4. Experimental Results

The method was evaluated on three high-resolution datasets: AFHQ (animals), FFHQ (faces), and PlantVillage (leaves), using StyleGAN2/3 generators.

Qualitative Performance:
- Baselines (REVISE, VSGD, RSGD): Produced off-manifold artifacts (distorted textures, class ambiguity) or on-manifold AEs (semantically brittle changes).
- PCG: Generated minimal, semantically faithful changes. Transitions preserved identity (in faces) and species structure (in animals) while smoothly changing the target attribute.
Quantitative Performance:
- Distance Metrics: PCG achieved the lowest distances across all metrics, particularly under $L_R$ (robust pullback distance) and $L_F$ (standard feature pullback), indicating superior perceptual proximity.
- Realism (FID/R-FID): PCG achieved the lowest R-FID (9.1 vs. 28.3 for RSGD-C), proving its outputs are closer to the true target distribution in robust feature space.
- Manifold Alignment: PCG showed the highest Manifold Alignment Score (MAS) and Semantic Margin (SM), confirming that its trajectories stay within the valid data manifold and move into regions genuinely populated by the target class.
- Smoothness: Path-based metrics ( $\Delta$ -LPIPS) showed PCG geodesics change content much more gradually than linear or spherical interpolations.

5. Significance and Impact

Theoretical Advancement: The paper challenges the notion that distance metrics cannot distinguish CEs from AEs.
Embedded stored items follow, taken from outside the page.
Lemma cvg_seq6p2 : seq6p2 R a n'.+1 @ \oo --> al.
Proof.
set L := n'.+1%:R^-1 / al ^+ n'.
have L_neq0 : L != 0 by rewrite mulf_neq0 ?invr_eq0 ?pnatr_eq0 ?expf_neq0 ?gt_eqF.
rewrite -[X in _ --> X](_ : (1 + al) * L * L^-1 - 1 = al); last first.
  by rewrite mulfK // [1 + al]addrC addrK.
apply: cvg_trans (cvgB (cvgM (cvgMl_tmp (a := 1 + al) (cvg_normrem 1 isT))
                             (cvgV L_neq0 (cvg_normrem 0 isT))) (cvg_cst (1 : R))).
apply: near_eq_cvg; near=> k.
rewrite /GRing.mul_fun /unstable.inv_fun !fctE addn0 seq6p2_normrem //.
by near: k; exists (2 * a + 2)%N.
Unshelve. all: end_near.
Qed.

End RootApproximation.

Theorem theorem6p2 (R : realType) (a n : nat) (ha : (1 < a)%N) (hn : (0 < n)%N) :
  seq6p2 R a n @ \oo --> powR (a%:R : R) (n%:R^-1).
Proof.
case: n hn => [//|n'] _; have a_gt0 : 0 < a%:R :> R by rewrite ltr0n ltnW.
apply: cvg_seq6p2; first exact: ltnW.
- exact: powR_gt0.
- by rewrite -powR_mulrn ?powR_ge0 // -powRrM mulVf ?pnatr_eq0 // powRr1 ?ltW.
Qed.
(* Let $m,n\ge 1$ and let $U=\begin{pmatrix}1&1\\0&1\end{pmatrix}$, $V=\begin{pmatrix}1&0\\1&1\end{pmatrix}$ (representing, under an identification $\mathrm{Mod}(T^2)\cong\mathrm{SL}(2,\mathbb{Z})$, the mapping classes $\tau_a^{-1}$ and $\tau_b$, where $\tau_a,\tau_b$ are Dehn twists about simple closed curves $a,b$ on the torus with geometric intersection number $1$). Among all words consisting of exactly $m$ letters $U$ and $n$ letters $V$ in any order, the word $U^mV^n$ (i.e. $\tau_a^{-m}\tau_b^n$, up to cyclic permutation) has the smallest stable translation length on the Farey graph $\mathcal{F}$. Moreover, $l_{\mathcal{C}}(U^mV^n)\le 2$.
   Context: The Farey graph $\mathcal{F}$ (the curve graph of the torus) has vertex set $\mathbb{Q}\cup\{\infty\}$, $p/q$ and $r/s$ adjacent iff $|ps-qr|=1$, with path metric $d_{\mathcal{C}}$ of unit edge lengths; $\begin{pmatrix}a&b\\c&d\end{pmatrix}\in\mathrm{SL}(2,\mathbb{Z})$ acts by $p/q\mapsto (ap+bq)/(cp+dq)$. The stable translation length of $g$ is $l_{\mathcal{C}}(g)=\liminf_{j\to\infty} d_{\mathcal{C}}(v,g^j(v))/j$ for any vertex $v$. Every word in the letters $U,V$ containing both letters is an Anosov element (absolute trace $>2$). *)

From Stdlib Require Import ZArith Reals List ClassicalEpsilon.
Open Scope Z_scope.

Record mat2 := M2 { ma : Z; mb : Z; mc : Z; md : Z }.

Definition mmul (x y : mat2) : mat2 :=
  M2 (ma x * ma y + mb x * mc y) (ma x * mb y + mb x * md y)
     (mc x * ma y + md x * mc y) (mc x * mb y + md x * md y).

Definition mid : mat2 := M2 1 0 0 1.

Fixpoint mpow (g : mat2) (j : nat) : mat2 :=
  match j with O => mid | S k => mmul g (mpow g k) end.

Definition matU : mat2 := M2 1 1 0 1.
Definition matV : mat2 := M2 1 0 1 1.

Definition letter (b : bool) : mat2 := if b then matU else matV.
Fixpoint word_mat (w : list bool) : mat2 :=
  match w with nil => mid | b :: w' => mmul (letter b) (word_mat w') end.

Definition numU (w : list bool) : nat := count_occ Bool.bool_dec w true.
Definition numV (w : list bool) : nat := count_occ Bool.bool_dec w false.

Definition UmVn (m n : nat) : list bool := repeat true m ++ repeat false n.

(** Farey graph. A vertex p/q of Q ∪ {∞} is represented by a pair (p,q) of
    coprime integers, the pairs (p,q) and (-p,-q) representing the same vertex
    (∞ = (1,0)). *)
Definition act (g : mat2) (v : Z * Z) : Z * Z :=
  (ma g * fst v + mb g * snd v, mc g * fst v + md g * snd v).

Definition same_vertex (v w : Z * Z) : Prop :=
  w = v \/ w = (- fst v, - snd v).

Definition farey_adj (v w : Z * Z) : Prop :=
  Z.abs (fst v * snd w - snd v * fst w) = 1.

Inductive farey_path : nat -> Z * Z -> Z * Z -> Prop :=
| fp_nil : forall v w, same_vertex v w -> farey_path O v w
| fp_cons : forall n u v w, farey_adj u v -> farey_path n v w ->
    farey_path (S n) u w.

Definition farey_dist (v w : Z * Z) : nat :=
  epsilon (inhabits O)
    (fun n => farey_path n v w /\ forall k, farey_path k v w -> (n <= k)%nat).

Open Scope R_scope.

Definition is_liminf (u : nat -> R) (l : R) : Prop :=
  (forall eps, 0 < eps -> exists N, forall j, (N <= j)%nat -> l - eps < u j) /\
  (forall eps, 0 < eps -> forall N, exists j, (N <= j)%nat /\ u j < l + eps).

Definition liminf (u : nat -> R) : R := epsilon (inhabits 0) (is_liminf u).

Definition infty : Z * Z := (1%Z, 0%Z).
(* Let $R$ be a ring. The following statements are equivalent: (1) $R$ is a left localizable ring with $|\max\mathrm{Den}_l(R)|<\infty$; (2) there are left denominator sets $S_1',\ldots,S_n'$ of $R$ such that the rings $R_i:=S_i'^{-1}R$, $i=1,\ldots,n$, are division rings and the map $\sigma:=\prod_{i=1}^n\sigma_i:R\to\prod_{i=1}^nR_i$, $r\mapsto(\sigma_1(r),\ldots,\sigma_n(r))$, is injective, where $\sigma_i:R\to R_i$, $r\mapsto\frac{r}{1}$. Moreover, if these conditions hold and in (2) none of the rings $R_i$ can be omitted while preserving the injectivity of $\sigma$, then $n=|\max\mathrm{Den}_l(R)|$ and $\max\mathrm{Den}_l(R)=\{S_1,\ldots,S_n\}$, where $S_i:=\sigma_i^{-1}(R_i^* )$ and $R_i^*$ is the group of units of $R_i$.
   Context: All rings are associative with $1$. A multiplicative subset $S$ of $R$ ($1\in S$, $0\notin S$, closed under multiplication) is a left Ore set if $Sr\cap Rs\neq\emptyset$ for all $r\in R$, $s\in S$. A left Ore set $S$ is a left denominator set if $rs=0$ ($r\in R$, $s\in S$) implies $tr=0$ for some $t\in S$; $S^{-1}R$ is the left localization. $\max\mathrm{Den}_l(R)$ is the set of maximal elements, under inclusion, of the set of left denominator sets of $R$. A ring $R$ is left localizable if every nonzero $r\in R$ lies in some left denominator set. *)

From HB Require Import structures.
From mathcomp Require Import all_boot all_order all_algebra.
From mathcomp Require Import boolp classical_sets cardinality.
Set Implicit Arguments. Unset Strict Implicit. Unset Printing Implicit Defensive.
Import GRing.Theory.
Local Open Scope ring_scope.
Local Open Scope classical_set_scope.

Definition mult_subset (R : pzRingType) (S : set R) : Prop :=
  S 1 /\ ~ S 0 /\ (forall a b, S a -> S b -> S (a * b)).

Definition left_ore_set (R : pzRingType) (S : set R) : Prop :=
  mult_subset S /\
  (forall r s, S s -> exists s' r', S s' /\ s' * r = r' * s).

Definition left_den_set (R : pzRingType) (S : set R) : Prop :=
  left_ore_set S /\
  (forall r s, S s -> r * s = 0 -> exists t, S t /\ t * r = 0).

Definition maxDen_l (R : pzRingType) : set (set R) :=
  [set S | left_den_set S /\ (forall T, left_den_set T -> S `<=` T -> T = S)].

Definition left_localizable (R : pzRingType) : Prop :=
  forall r : R, r != 0 -> exists S, left_den_set S /\ S r.

(* (Q, sigma) is a left localization S^{-1}R of R at S (the left ring of
   fractions, characterised up to isomorphism as usual):
   sigma s is a unit for s in S, every element is (sigma s)^-1 (sigma r),
   and ker sigma = {r | s r = 0 for some s in S}. *)
Definition is_left_localization (R : pzRingType) (S : set R)
    (Q : unitRingType) (sigma : {rmorphism R -> Q}) : Prop :=
  (forall s, S s -> sigma s \is a GRing.unit) /\
  (forall q : Q, exists s r, S s /\ q = (sigma s)^-1 * sigma r) /\
  (forall r, sigma r = 0 <-> exists s, S s /\ s * r = 0).

Definition division_ring (Q : unitRingType) : Prop :=
  forall x : Q, x != 0 -> x \is a GRing.unit.

Definition cond2_data (R : pzRingType) (n : nat) (S' : 'I_n -> set R)
    (Q : 'I_n -> unitRingType) (sigma : forall i, {rmorphism R -> Q i}) : Prop :=
  (forall i, left_den_set (S' i)) /\
  (forall i, is_left_localization (S' i) (sigma i)) /\
  (forall i, division_ring (Q i)) /\
  (forall r1 r2 : R, (forall i, sigma i r1 = sigma i r2) -> r1 = r2).
Arguments maxDen_l : clear implicits.

From HB Require Import structures.
From mathcomp Require Import all_boot all_order all_algebra.
From mathcomp Require Import boolp classical_sets cardinality.
Set Implicit Arguments. Unset Strict Implicit. Unset Printing Implicit Defensive.
Import GRing.Theory.
Local Open Scope ring_scope.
It proves that if the latent space is endowed with a semantically robust geometry, optimization naturally avoids adversarial traps.
Practical Utility: PCG provides a reliable tool for generating explanations for deep learning models in safety-critical domains (e.g., medical imaging, autonomous driving) where "off-manifold" or "brittle" explanations are unacceptable.
Evaluation Standard: It highlights the insufficiency of standard metrics (like pixel $\ell_2$ or standard FID) for evaluating counterfactuals, advocating for robust, geometry-aware metrics as the new standard for assessing explanation quality.
Generalizability: While focused on StyleGANs, the framework of inducing robust metrics via pullback is applicable to other generative families, offering a path forward for robust interpretability in high-dimensional vision.